(* Let $A$ be a sub-tree of $T$ and $I\subseteq\mathcal{I}_A$. On $[0,d(r_A)]$, the function $f_A^I$ has at most $|V_A^I|$ corner points and at most $|V_A^I|+1$ maximal linear pieces. Moreover, the optimal sets associated with the successive linear pieces (from left to right) form a chain with respect to inclusion, each one containing the previous ones; equivalently, the matryoshka $\mathcal{M}_A^I$ is totally ordered by inclusion and has at most $|V_A^I|+1$ elements.
   Context: Setting. $T$ is a finite tree rooted at $r_T$, node set $V_T$; every edge $e$ has weight $w_e\ge 0$. Every node $v$ has a probability $\pi_v\in(0,1]$ and a prize $p_v\in\mathbb{R}$. $d(v)$ is the total weight of the path from $r_T$ to $v$. A random set $\omega\subseteq V_T$ contains each node $v$ independently with probability $\pi_v$. For $S\subseteq V_T$, $P(S)=1-\prod_{s\in S}(1-\pi_s)$ ($P(\emptyset)=0$). For a node $a$, the sub-tree $A$ rooted at $r_A=a$ consists of $a$ and all its descendants, with node set $V_A$; if $a$ has children $c_1,\dots,c_m$, then $A_i$ ($1\le i\le m$) is the sub-tree rooted at $c_i$, $A_0$ is the sub-tree consisting of the single node $r_A$, $\mathcal{I}_A=\{0,1,\dots,m\}$, and $V_A^I=\bigcup_{i\in I}V_{A_i}$ for $I\subseteq\mathcal{I}_A$. For $Q\subseteq V_T$, $W(Q)$ is the total weight of the edges lying on at least one path from $r_T$ to a node of $Q$. For $S\subseteq V_A$ and $x\le d(r_A)$ the expected profit is $G(S,x)=\sum_{s\in S}p_s\pi_s-\mathbb{E}[W(S\cap\omega)]+x\,P(S)$. Characteristic function. For a sub-tree $A$, $I\subseteq\mathcal{I}_A$ and $x\in[0,d(r_A)]$, $f_A^I(x)=\max_{S\subseteq V_A^I}G(S,x)$. A set $S\subseteq V_A^I$ with $G(S,x)=f_A^I(x)$ is an optimal set (for $f_A^I$) at $x$. The matryoshka $\mathcal{M}_A^I$ is the family of all $S\subseteq V_A^I$ such that for some $x\in[0,d(r_A)]$, $S$ is an optimal set at $x$ and no proper superset of $S$ contained in $V_A^I$ is optimal at $x$. *)

(* A rooted tree on a finite type V is given by a root r and
   a parent map par (par r = r, every node reaches r by iterating par).
   The edge (par u, u) of a non-root node u carries the weight w u. *)
From HB Require Import structures.
From mathcomp Require Import all_boot all_order all_algebra.
Set Implicit Arguments. Unset Strict Implicit. Unset Printing Implicit Defensive.
Import Order.TTheory GRing.Theory Num.Theory.
Local Open Scope ring_scope.

Section TreeDefs.
Context {R : realFieldType} {V : finType}.

Definition is_rooted_tree (r : V) (par : V -> V) : Prop :=
  par r = r /\ forall v, exists k, iter k par v = r.

Definition anc (par : V -> V) (u v : V) : bool :=
  [exists k : 'I_#|V|.+1, iter k par v == u].

Definition dist (r : V) (par : V -> V) (w : V -> R) (v : V) : R :=
  \sum_(u | (u != r) && anc par u v) w u.

Definition Wt (r : V) (par : V -> V) (w : V -> R) (Q : {set V}) : R :=
  \sum_(u | (u != r) && [exists q in Q, anc par u q]) w u.

(* probability that the random set omega equals om *)
Definition probset (pi : V -> R) (om : {set V}) : R :=
  (\prod_(v in om) pi v) * \prod_(v in ~: om) (1 - pi v).

Definition EW (r : V) (par : V -> V) (w pi : V -> R) (S : {set V}) : R :=
  \sum_(om : {set V}) probset pi om * Wt r par w (S :&: om).

Definition PS (pi : V -> R) (S : {set V}) : R := 1 - \prod_(s in S) (1 - pi s).

Definition G (r : V) (par : V -> V) (w pi p : V -> R) (S : {set V}) (x : R) : R :=
  \sum_(s in S) p s * pi s - EW r par w pi S + x * PS pi S.

Definition desc (par : V -> V) (a : V) : {set V} := [set v | anc par a v].

Definition children (r : V) (par : V -> V) (a : V) : {set V} :=
  [set c | (par c == a) && (c != r)].

(* Index sets: I_A is encoded as option V, None standing for index 0
   (the single-node sub-tree A_0 = {a}) and Some c for the sub-tree
   rooted at the child c. V_A^I: *)
Definition VAI (par : V -> V) (a : V) (I : {set option V}) : {set V} :=
  (if None \in I then [set a] else set0) :|: \bigcup_(c | Some c \in I) desc par c.

Definition fAI (r : V) (par : V -> V) (w pi p : V -> R) (a : V)
  (I : {set option V}) (x : R) : R :=
  \big[Order.max/G r par w pi p set0 x]_(S : {set V} | S \subset VAI par a I)
     G r par w pi p S x.

Definition optimal (r : V) (par : V -> V) (w pi p : V -> R) (a : V)
  (I : {set option V}) (S : {set V}) (x : R) : Prop :=
  S \subset VAI par a I /\ G r par w pi p S x = fAI r par w pi p a I x.

Definition matryoshka (r : V) (par : V -> V) (w pi p : V -> R) (a : V)
  (I : {set option V}) (S : {set V}) : Prop :=
  S \subset VAI par a I /\
  exists x, 0 <= x <= dist r par w a /\ optimal r par w pi p a I S x /\
    forall S' : {set V}, S \proper S' -> S' \subset VAI par a I ->
      ~ optimal r par w pi p a I S' x.

Definition affine_on (f : R -> R) (b c : R) : Prop :=
  exists alpha beta : R, forall y, b <= y <= c -> f y = alpha + beta * y.

Definition corner (f : R -> R) (lo hi x : R) : Prop :=
  lo < x < hi /\ ~ (exists e, 0 < e /\ affine_on f (x - e) (x + e)).

End TreeDefs.

From HB Require Import structures.
From mathcomp Require Import all_boot all_order all_algebra.
From mathcomp Require Import ring lra zify.
Set Implicit Arguments. Unset Strict Implicit. Unset Printing Implicit Defensive.
Import Order.TTheory GRing.Theory Num.Theory.
Local Open Scope ring_scope.

(* Write G(S, x) = K(S) + x P(S): affine in x, with slope P(S) nondecreasing in S.
   Averaging over the random set, E[W(S ∩ ω)] - x P(S) is the expectation of
   Q |-> W(Q) - x [Q <> {}] at Q = S ∩ ω.  W is submodular, and two nonempty
   subsets of the sub-tree at a both cover its root path of weight d(a) >= x, so
   this map is submodular and G(., x) is supermodular on subsets of V_A^I for
   x <= d(a).  Hence the union of a set optimal at x1 and a set optimal at x2 >= x1
   is optimal at x2: the maximal optimal sets form a chain increasing with x.  The
   maximal optimal set at x stays optimal until the first crossing with a set of
   larger P, where the maximal optimal set grows strictly; so there are at most
   |V_A^I| breakpoints on [0, d(a)]. *)

Lemma sum_prod_setC (R : comPzSemiRingType) (T : finType) (F G : T -> R) :
  \sum_(J : {set T}) (\prod_(v in J) F v) * \prod_(v in ~: J) G v =
  \prod_v (F v + G v).
Proof.
rewrite bigA_distr; apply: eq_big => // J _.
rewrite [RHS](bigID (mem J)) /=; congr (_ * _).
  by apply: eq_bigr => i /= ->.
by apply: eq_big => [i|i]; rewrite ?inE // => /negbTE ->.
Qed.

Lemma sum_setU_setI (M : nmodType) (T : finType) (F : T -> M) (A B : {set T}) :
  \sum_(s in A) F s + \sum_(s in B) F s =
  \sum_(s in A :|: B) F s + \sum_(s in A :&: B) F s.
Proof.
rewrite !(big_mkcond (fun s => s \in _)) -!big_split; apply: eq_bigr => s _.
by rewrite !inE; case: (s \in A); case: (s \in B); rewrite /= ?addr0 ?add0r.
Qed.

Lemma uniq_chain_size (T : finType) (U : {set T}) (s : seq {set T}) :
  uniq s -> (forall X, X \in s -> X \subset U) ->
  {in s &, forall S1 S2 : {set T}, S1 \subset S2 \/ S2 \subset S1} ->
  (size s <= #|U|.+1)%N.
Proof.
move=> us sU chain.
have ucard : uniq [seq #|X| | X : {set T} <- s].
  rewrite map_inj_in_uniq // => S1 S2 h1 h2 /= hc.
  by case: (chain _ _ h1 h2) => h; [|apply/esym]; apply/eqP;
    rewrite eqEcard h hc /=.
rewrite -(size_map (fun X : {set T} => #|X|) s) -(size_iota 0 #|U|.+1).
apply: uniq_leq_size => // _ /mapP [X hX ->].
by rewrite mem_iota add0n ltnS subset_leq_card ?sU.
Qed.

Lemma path_between (R : realDomainType) (x0 x : R) (s : seq R) :
  path <%R x0 s -> x0 < x < last x0 s -> x \notin s ->
  exists2 i, (i < size s)%N & nth 0 (x0 :: s) i < x < nth 0 (x0 :: s) i.+1.
Proof.
elim: s x0 => [|y s IH] x0 /=.
  by move=> _ /andP [h1 h2]; have := lt_trans h1 h2; rewrite ltxx.
move=> /andP [x0y hp] /andP [x0x xl]; rewrite inE negb_or => /andP [xy xs].
case: (ltgtP x y) => [hxy|hyx|hxy]; last by rewrite hxy eqxx in xy.
  by exists 0%N; rewrite ?x0x ?hxy.
by have [i ??] := IH y hp (introT andP (conj hyx xl)) xs; exists i.+1.
Qed.

Section Corners.
Variable R : realFieldType.
Implicit Types (f : R -> R) (b c x lo hi : R).

Lemma affine_on_interior f b c x :
  affine_on f b c -> b < x < c -> exists e, 0 < e /\ affine_on f (x - e) (x + e).
Proof.
move=> [al [be hab]] /andP [hb hc]; set e := Order.min (x - b) (c - x).
have [e1 e2] : e <= x - b /\ e <= c - x by rewrite !ge_min !lexx ?orbT.
exists e; split; first by rewrite lt_min !subr_gt0 hb hc.
by exists al, be => y /andP [y1 y2]; apply: hab; apply/andP; split; lra.
Qed.

Lemma corner_mem f lo hi (tt : seq R) x :
  path <%R lo (rcons tt hi) ->
  (forall i, (i <= size tt)%N -> affine_on f (nth 0 (lo :: rcons tt hi) i)
                                             (nth 0 (lo :: rcons tt hi) i.+1)) ->
  corner f lo hi x -> x \in tt.
Proof.
move=> hp haff [/andP [lox xhi] hnot]; apply/negPn/negP => xtt.
have xs : x \notin rcons tt hi by rewrite mem_rcons inE (lt_eqF xhi).
have [|i] := path_between hp _ xs; first by rewrite last_rcons lox xhi.
rewrite size_rcons ltnS => /haff /affine_on_interior hint /hint.
exact: hnot.
Qed.

End Corners.

Section ParametricSupermodularMax.
Variables (R : realFieldType) (T : finType) (U : {set T}) (d : R).
Variables (g : {set T} -> R -> R) (K P : {set T} -> R).
Implicit Types (S A B : {set T}) (x : R).
Hypothesis gE : forall S x, g S x = K S + x * P S.
Hypothesis P_mono : forall A B, A \subset B -> P A <= P B.
Hypothesis g_supermod : forall A B x, A \subset U -> B \subset U -> x <= d ->
  g A x + g B x <= g (A :|: B) x + g (A :&: B) x.

Definition fmax x := \big[Order.max/g set0 x]_(S : {set T} | S \subset U) g S x.

Definition opt S x := S \subset U /\ g S x = fmax x.

Definition maximal_opt S x :=
  opt S x /\ forall S', S \proper S' -> S' \subset U -> ~ opt S' x.

Lemma fmax_ge S x : S \subset U -> g S x <= fmax x.
Proof. by move=> hS; rewrite /fmax (bigD1 S) //= le_max lexx. Qed.

Lemma fmax_attained x : exists2 S : {set T}, S \subset U & fmax x = g S x.
Proof.
apply: (big_ind (fun y => exists2 S : {set T}, S \subset U & y = g S x)).
- by exists set0; rewrite ?sub0set.
- move=> y1 y2 [S1 h1 ->] [S2 h2 ->].
  by case: (leP (g S1 x) (g S2 x)) => h; [exists S2 | exists S1];
    rewrite ?max_r ?max_l // ltW.
- by move=> S hS; exists S.
Qed.

Lemma optP S x : S \subset U -> (forall S', S' \subset U -> g S' x <= g S x) -> opt S x.
Proof.
move=> hS hmax; split => //; have [S' hS' e] := fmax_attained x.
by apply: le_anti; rewrite fmax_ge // e hmax.
Qed.

Lemma opt_ge S S' x : opt S x -> S' \subset U -> g S' x <= g S x.
Proof. by case=> _ ->; apply: fmax_ge. Qed.
Lemma arcA_x_inj P Q : on_arcA P -> on_arcA Q -> P.1 = Q.1 -> P = Q.
Proof.
move=> hP hQ ex; move: (arcA_y hP) (arcA_y hQ) => /andP [p1 p2] /andP [q1 q2].
case: hP hQ => eP _ [eQ _].
have : (P.2 - Q.2) * (P.2 + Q.2 - 2%:R * center) = 0.
  rewrite -(subrr (radius ^+ 2)) -{1}eP -eQ ex; ring.
move/eqP; rewrite mulf_eq0 => /orP [/eqP h|/eqP h]; last by exfalso; lra.
by move: ex h; case: P {eP p1 p2} => x y; case: Q {eQ q1 q2} => x' y' /= -> h; congr (_, _); lra.
Qed.

Lemma orient_arcA_between P M Q : on_arcA P -> on_arcA M -> on_arcA Q ->
  P.1 < M.1 < Q.1 -> orient P Q M < 0.
Proof.
move=> hP hM hQ /andP [pm mq]; have /andP [_ m2] := arcA_y hM.
case: hP hQ hM => eP _ [eQ _] [eM _].
set D := Q.1 - P.1; set al := M.1 - P.1; set be := Q.1 - M.1.
have Dp : 0 < D by rewrite subr_gt0; exact: lt_trans mq.
have alp : 0 < al by rewrite subr_gt0.
have bep : 0 < be by rewrite subr_gt0.
(* [(M.1, Zy)] is the point of the chord PQ above M; it lies strictly inside the circle. *)
set Zy := (be * P.2 + al * Q.2) / D.
have D0 : D != 0 by rewrite gt_eqF.
have inside : M.1 ^+ 2 + (Zy - center) ^+ 2 - radius ^+ 2 =
    - (al * be / D ^+ 2 * (D ^+ 2 + (Q.2 - P.2) ^+ 2)).
  have -> : M.1 ^+ 2 + (Zy - center) ^+ 2 - radius ^+ 2 =
      (be * (P.1 ^+ 2 + (P.2 - center) ^+ 2 - radius ^+ 2)
       + al * (Q.1 ^+ 2 + (Q.2 - center) ^+ 2 - radius ^+ 2)) / D
      - al * be / D ^+ 2 * (D ^+ 2 + (Q.2 - P.2) ^+ 2).
    by rewrite /Zy /al /be /D; field; rewrite -/D.
  by rewrite eP eQ !subrr !mulr0 addr0 mul0r sub0r.
have pos : 0 < al * be / D ^+ 2 * (D ^+ 2 + (Q.2 - P.2) ^+ 2).
  apply: mulr_gt0; first by rewrite divr_gt0 ?mulr_gt0 ?exprn_gt0.
  by apply: ltr_wpDr; [exact: sqr_ge0 | exact: exprn_gt0].
have zy : M.2 < Zy.
  have : (Zy - center) ^+ 2 < (M.2 - center) ^+ 2 by lra.
  by rewrite !expr2; nra.
have -> : orient P Q M = D * (M.2 - Zy).
  by rewrite /orient /Zy /al /be /D; field; rewrite -/D.
by rewrite pmulr_rlt0 // subr_lt0.
Qed.

Lemma orient_arcA_outside P Q M : on_arcA P -> on_arcA Q -> on_arcA M ->
  P.1 < Q.1 -> M.1 < P.1 \/ Q.1 < M.1 -> 0 < orient P Q M.
Proof.
move=> hP hQ hM pq [mp|qm].
  have := orient_arcA_between hM hP hQ (introT andP (conj mp pq)).
  by rewrite orient_rotate orient_swap; lra.
have := orient_arcA_between hP hQ hM (introT andP (conj pq qm)).
by rewrite orient_swap orient_rotate orient_swap; lra.
Qed.

Lemma orient_arcA_arcB P Q X : on_arcA P -> on_arcA Q -> on_arcB X -> P.1 < Q.1 ->
  orient P Q X < 0.
Proof.
move=> hP hQ hX pq.
move: (arcA_y hP) (arcA_y hQ) (arcA_y hX) (arcA_x hP) (arcA_x hQ) (arcA_x hX) => /=.
move=> /andP [p1 p2] /andP [q1 q2] /andP [x1 x2] /andP [px1 px2] /andP [qx1 qx2] /andP [xx1 xx2].
case: hP hQ => eP _ [eQ _].
(* The chord has slope (Q.1 + P.1) / w with w >= 99/2, and X lies at least 3 below it. *)
set w := 2%:R * center - Q.2 - P.2.
have e : (Q.2 - P.2) * w = (Q.1 - P.1) * (Q.1 + P.1).
  apply/eqP; rewrite -subr_eq0; apply/eqP.
  transitivity ((P.1 ^+ 2 + (P.2 - center) ^+ 2) - (Q.1 ^+ 2 + (Q.2 - center) ^+ 2)).
    by rewrite /w; ring.
  by rewrite eP eQ subrr.
have wp : 99%:R / 2%:R <= w by rewrite /w; lra.
have below : w * (X.2 - P.2) - (Q.1 + P.1) * (X.1 - P.1) < 0.
  have h1 : w * (X.2 - P.2) <= - (99%:R / 2%:R) * 3%:R by nra.
  have h2 : - 100%:R <= (Q.1 + P.1) * (X.1 - P.1) by nra.
  lra.
have : w * orient P Q X = (Q.1 - P.1) * (w * (X.2 - P.2) - (Q.1 + P.1) * (X.1 - P.1)).
  by rewrite /orient mulrBr [w * ((Q.2 - P.2) * _)]mulrA [w * _]mulrC e; ring.
have D : 0 < Q.1 - P.1 by rewrite subr_gt0.
move=> h; have : w * orient P Q X < 0 by rewrite h pmulr_rlt0.
by rewrite pmulr_rlt0 //; lra.
Qed.
End Arcs.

-----

# DIRECTIONS:
Return, with no change at all, every line in the entries above from the line containing "elim: s x0 => [|y s IH] x0 /=." through the line containing "by exists 0%N; rewrite ?x0x ?hxy.".

# ANSWER BELOW:
elim: s x0 => [|y s IH] x0 /=.
  by move=> _ /andP [h1 h2]; have := lt_trans h1 h2; rewrite ltxx.
move=> /andP [x0y hp] /andP [x0x xl]; rewrite inE negb_or => /andP [xy xs].
case: (ltgtP x y) => [hxy|hyx|hxy]; last by rewrite hxy eqxx in xy.
  by exists 0%N; rewrite ?x0x ?hxy.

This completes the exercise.